Retype, word for word, every line of the records below starting at the one that contains "by case: ltgtP cb" and ending at the one that contains "move=> wlog_ab; have"; include both of those lines and nothing more.

• • • •

(* Let $K\ge2$ and let $C_1,\dots,C_{K-1}>0$. Let $\Phi$ be the cumulative distribution function of the standard normal distribution. Then the function $f:\mathbb{R}^K\to\mathbb{R}$, $f(\vec{x})=\sum_{i=1}^{K-1}\Phi(C_ix_i-C_ix_K)$, is convex on the domain $D=\{\vec{x}\in\mathbb{R}^K: x_i-x_K\le 0\ \forall i<K\}$. *)

From HB Require Import structures.
From mathcomp Require Import all_boot all_order all_algebra.
From mathcomp Require Import all_classical all_reals all_analysis.
Set Implicit Arguments. Unset Strict Implicit. Unset Printing Implicit Defensive.
Import Order.TTheory GRing.Theory Num.Theory.
Local Open Scope classical_set_scope.
Local Open Scope ring_scope.

Definition Phi {R : realType} (t : R) : R :=
  fine (normal_prob 0 1 `]-oo, t]).

(* Last index K-1 (0-based) of 'I_K, i.e. the paper's index K. *)
Definition ordlast (K : nat) (hK : (0 < K)%N) : 'I_K :=
  Ordinal (etrans (ltn_predL K) hK).

(* The paper's indices i = 1..K-1 are the 0-based i : 'I_K.-1, embedded in 'I_K. *)
Definition idx (K : nat) (i : 'I_K.-1) : 'I_K := widen_ord (leq_pred K) i.

Definition fPhi {R : realType} (K : nat) (hK : (0 < K)%N) (C : 'I_K.-1 -> R)
  (x : 'rV[R]_K) : R :=
  \sum_(i < K.-1) Phi (C i * x 0 (idx i) - C i * x 0 (ordlast hK)).

Definition Dom {R : realType} (K : nat) (hK : (0 < K)%N) : set 'rV[R]_K :=
  [set x | forall i : 'I_K.-1, x 0 (idx i) - x 0 (ordlast hK) <= 0].

From HB Require Import structures.
From mathcomp Require Import all_boot all_order all_algebra.
From mathcomp Require Import all_classical all_reals all_analysis.
From mathcomp Require Import ring lra.
Import Order.TTheory GRing.Theory Num.Theory.
Local Open Scope classical_set_scope.
Local Open Scope ring_scope.
Set Implicit Arguments.
Unset Strict Implicit.

(* Each summand of f is Phi composed with the linear form
   x |-> C_i (x_i - x_K), which maps D into ]-oo, 0], so it suffices that Phi
   is convex on ]-oo, 0].  There the Gaussian density phi is nondecreasing:
   for a <= c := t a + (1 - t) b <= b <= 0 this gives
   Phi c - Phi a <= phi c (c - a) and phi c (b - c) <= Phi b - Phi c, and
   t (c - a) = (1 - t) (b - c) balances the two slopes. *)

Section convex_function_closure.
Context {R : realType} {E : lmodType R}.
Local Open Scope convex_scope.

Lemma convex_function_sum (I : Type) (r : seq I) (P : pred I)
    (D : set (convex_lmodType E)) (f : I -> convex_lmodType E -> R^o) :
  (forall i, P i -> convex_function D (f i)) ->
  convex_function D (fun x => \sum_(i <- r | P i) f i x).
Proof.
move=> f_cvx t x y xD yD; rewrite convRE !mulr_sumr -big_split /=.
by apply: ler_sum => i Pi; exact: f_cvx.
Qed.

Lemma convex_function_comp_scalar (D : set (convex_lmodType E)) (D' : set R^o)
    (f : R^o -> R^o) (g : E -> R) :
  scalar g -> (forall x, D x -> D' (g x)) -> convex_function D' f ->
  convex_function D (f \o g).
Proof.
move=> g_scalar g_D f_cvx t x y /set_mem xD /set_mem yD /=.
have [gZ gD] := GRing.semilinear_linear g_scalar.
have -> : g (x <| t |> y) = (g x : R^o) <| t |> g y by rewrite convRE /= gD !gZ.
by apply: f_cvx; rewrite inE; exact: g_D.
Qed.
End convex_function_closure.

Section integral_monotone_density.
Context {R : realType}.
Local Notation mu := (@lebesgue_measure R).
Variable f : R -> R.
Hypotheses (mf : measurable_fun setT f) (f_ge0 : forall x, 0 <= f x).

Lemma integral_itv_oc_le_right (a c : R) : a <= c ->
  {in `]a, c], forall x, f x <= f c} ->
  (\int[mu]_(x in `]a, c]) (f x)%:E <= (f c * (c - a))%:E)%E.
Proof.
move=> ac fc.
apply: (@le_trans _ _ (\int[mu]_(x in `]a, c]) cst (f c)%:E x)%E).
  apply: ge0_le_integral => //.
  - by move=> x _; rewrite lee_fin.
  - exact/measurable_realfun.measurable_EFinP/measurable_funTS.
rewrite integral_cst // [X in (_ * X)%E]lebesgue_measure_itv /= lte_fin.
by case: ltgtP ac => // -> _; rewrite subrr mulr0 mule0.
Qed.

Lemma integral_itv_oc_ge_left (c b : R) : c <= b ->
  {in `]c, b], forall x, f c <= f x} ->
  ((f c * (b - c))%:E <= \int[mu]_(x in `]c, b]) (f x)%:E)%E.
Proof.
move=> cb fc.
apply: (@le_trans _ _ (\int[mu]_(x in `]c, b]) cst (f c)%:E x)%E); last first.
  apply: ge0_le_integral => //.
  - by move=> x _; rewrite lee_fin.
  - exact/measurable_realfun.measurable_EFinP/measurable_funTS.
rewrite integral_cst // [X in (_ * X)%E]lebesgue_measure_itv /= lte_fin.
by case: ltgtP cb => // -> _; rewrite subrr mulr0 mule0.
Qed.

End integral_monotone_density.

Lemma le_normal_pdf_below_mean {R : realType} (m s x y : R) :
  s != 0 -> x <= y -> y <= m -> normal_pdf m s x <= normal_pdf m s y.
Proof.
move=> s0 xy ym; rewrite normal_pdfE //.
rewrite ler_pM2l ?normal_peak_gt0 // /normal_fun ler_expR !mulNr lerN2.
rewrite ler_pM2r ?invr_gt0 ?pmulrn_lgt0 ?exprn_even_gt0 //.
have -> : (x - m) ^+ 2 = (y - m) ^+ 2 + (y - x) * ((m - x) + (m - y)) by ring.
by rewrite lerDl; apply: mulr_ge0; lra.
Qed.

Section Phi_convex.
Context {R : realType}.
Local Notation P := (@normal_prob R 0 1).
Local Notation phi := (@normal_pdf R 0 1).

Lemma Phi_increment (a c : R) : a <= c -> Phi c - Phi a = fine (P `]a, c]).
Proof.
move=> ac; rewrite /Phi (@itv_bndbnd_setU _ _ _ (BRight a)) ?bnd_simp //.
rewrite measureU //; last first.
  apply/eqP/(@lt_disjoint _ `]-oo, a] `]a, c]) => x y.
  by rewrite !in_itv /= => xa /andP[ay _]; exact: le_lt_trans ay.
by rewrite fineD ?fin_num_measure // addrC addKr.
Qed.

Lemma Phi_increment_le (a c : R) : a <= c -> c <= 0 ->
  Phi c - Phi a <= phi c * (c - a).
Proof.
move=> ac c0; rewrite Phi_increment // -lee_fin fineK ?fin_num_measure //.
apply: integral_itv_oc_le_right => //.
- exact: measurable_normal_pdf.
- exact: normal_pdf_ge0.
- move=> x; rewrite in_itv /= => /andP[_ xc].
  exact: le_normal_pdf_below_mean.
Qed.

Lemma Phi_increment_ge (c b : R) : c <= b -> b <= 0 ->
  phi c * (b - c) <= Phi b - Phi c.
Proof.
move=> cb b0; rewrite Phi_increment // -lee_fin fineK ?fin_num_measure //.
apply: integral_itv_oc_ge_left => //.
- exact: measurable_normal_pdf.
- exact: normal_pdf_ge0.
- move=> x; rewrite in_itv /= => /andP[cx xb].
  exact: le_normal_pdf_below_mean (ltW cx) (le_trans xb b0).
Qed.

Local Open Scope convex_scope.

Lemma convex_Phi_le0 : convex_function (E := R^o) [set x | x <= 0] Phi.
Proof.
move=> t a b /set_mem a0 /set_mem b0.
wlog ab : a b t a0 b0 / a <= b.
  move=> wlog_ab; have [|/ltW ba] := leP a b; first exact: wlog_ab.
  by rewrite convC [X in _ <= X]convC; exact: wlog_ab.
have -> : a <| t |> b = t%:num * a + (1 - t%:num) * b :> R by [].
set c := t%:num * a + (1 - t%:num) * b.
have /andP[ac cb] : a <= c <= b := convR_itv t ab.
have t0 : 0 <= t%:num by [].
have t1 : 0 <= 1 - t%:num by rewrite subr_ge0.
have left_slope := ler_wpM2l t0 (Phi_increment_le ac (le_trans cb b0)).
have right_slope := ler_wpM2l t1 (Phi_increment_ge cb b0).
have balance : t%:num * (phi c * (c - a)) = (1 - t%:num) * (phi c * (b - c)).
  by rewrite {2 4}/c; ring.
rewrite convRE /unstable.onem; lra.
Qed.
End Phi_convex.

Theorem lemma2 (R : realType) (K : nat) (hK : (2 <= K)%N) (C : 'I_K.-1 -> R)
  (hC : forall i, 0 < C i) :
  convex_function (E := 'rV[R]_K) (Dom (ltnW hK)) (fPhi (ltnW hK) C).
Proof.
apply: convex_function_sum => i _.
pose gap (x : 'rV[R]_K) : R :=
  C i * x 0 (idx i) - C i * x 0 (ordlast (ltnW hK)).
apply: (convex_function_comp_scalar (g := gap) _ _ convex_Phi_le0).
- by move=> a x y; rewrite /gap !mxE; ring.
- by move=> x xD; rewrite /= /gap -mulrBr pmulr_rle0 //; exact: xD.
Qed.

• • • •

• **Response to this task**
by case: ltgtP cb => // -> _; rewrite subrr mulr0 mule0.
Qed.

End integral_monotone_density.

Lemma le_normal_pdf_below_mean {R : realType} (m s x y : R) :
  s != 0 -> x <= y -> y <= m -> normal_pdf m s x <= normal_pdf m s y.
Proof.
move=> s0 xy ym; rewrite normal_pdfE //.
rewrite ler_pM2l ?normal_peak_gt0 // /normal_fun ler_expR !mulNr lerN2.
rewrite ler_pM2r ?invr_gt0 ?pmulrn_lgt0 ?exprn_even_gt0 //.
have -> : (x - m) ^+ 2 = (y - m) ^+ 2 + (y - x) * ((m - x) + (m - y)) by ring.
by rewrite lerDl; apply: mulr_ge0; lra.
Qed.

Section Phi_convex.
Context {R : realType}.
Local Notation P := (@normal_prob R 0 1).
Local Notation phi := (@normal_pdf R 0 1).

Lemma Phi_increment (a c : R) : a <= c -> Phi c - Phi a = fine (P `]a, c]).
Proof.
move=> ac; rewrite /Phi (@itv_bndbnd_setU _ _ _ (BRight a)) ?bnd_simp //.
rewrite measureU //; last first.
  apply/eqP/(@lt_disjoint _ `]-oo, a] `]a, c]) => x y.
  by rewrite !in_itv /= => xa /andP[ay _]; exact: le_lt_trans ay.
by rewrite fineD ?fin_num_measure // addrC addKr.
Qed.

Lemma Phi_increment_le (a c : R) : a <= c -> c <= 0 ->
  Phi c - Phi a <= phi c * (c - a).
Proof.
move=> ac c0; rewrite Phi_increment // -lee_fin fineK ?fin_num_measure //.
apply: integral_itv_oc_le_right => //.
- exact: measurable_normal_pdf.
- exact: normal_pdf_ge0.
- move=> x; rewrite in_itv /= => /andP[_ xc].
  exact: le_normal_pdf_below_mean.
Qed.

Lemma Phi_increment_ge (c b : R) : c <= b -> b <= 0 ->
  phi c * (b - c) <= Phi b - Phi c.
Proof.
move=> cb b0; rewrite Phi_increment // -lee_fin fineK ?fin_num_measure //.
apply: integral_itv_oc_ge_left => //.
- exact: measurable_normal_pdf.
- exact: normal_pdf_ge0.
- move=> x; rewrite in_itv /= => /andP[cx xb].
  exact: le_normal_pdf_below_mean (ltW cx) (le_trans xb b0).
Qed.

Local Open Scope convex_scope.

Lemma convex_Phi_le0 : convex_function (E := R^o) [set x | x <= 0] Phi.
Proof.
move=> t a b /set_mem a0 /set_mem b0.
wlog ab : a b t a0 b0 / a <= b.
  move=> wlog_ab; have [|/ltW ba] := leP a b; first exact: wlog_ab.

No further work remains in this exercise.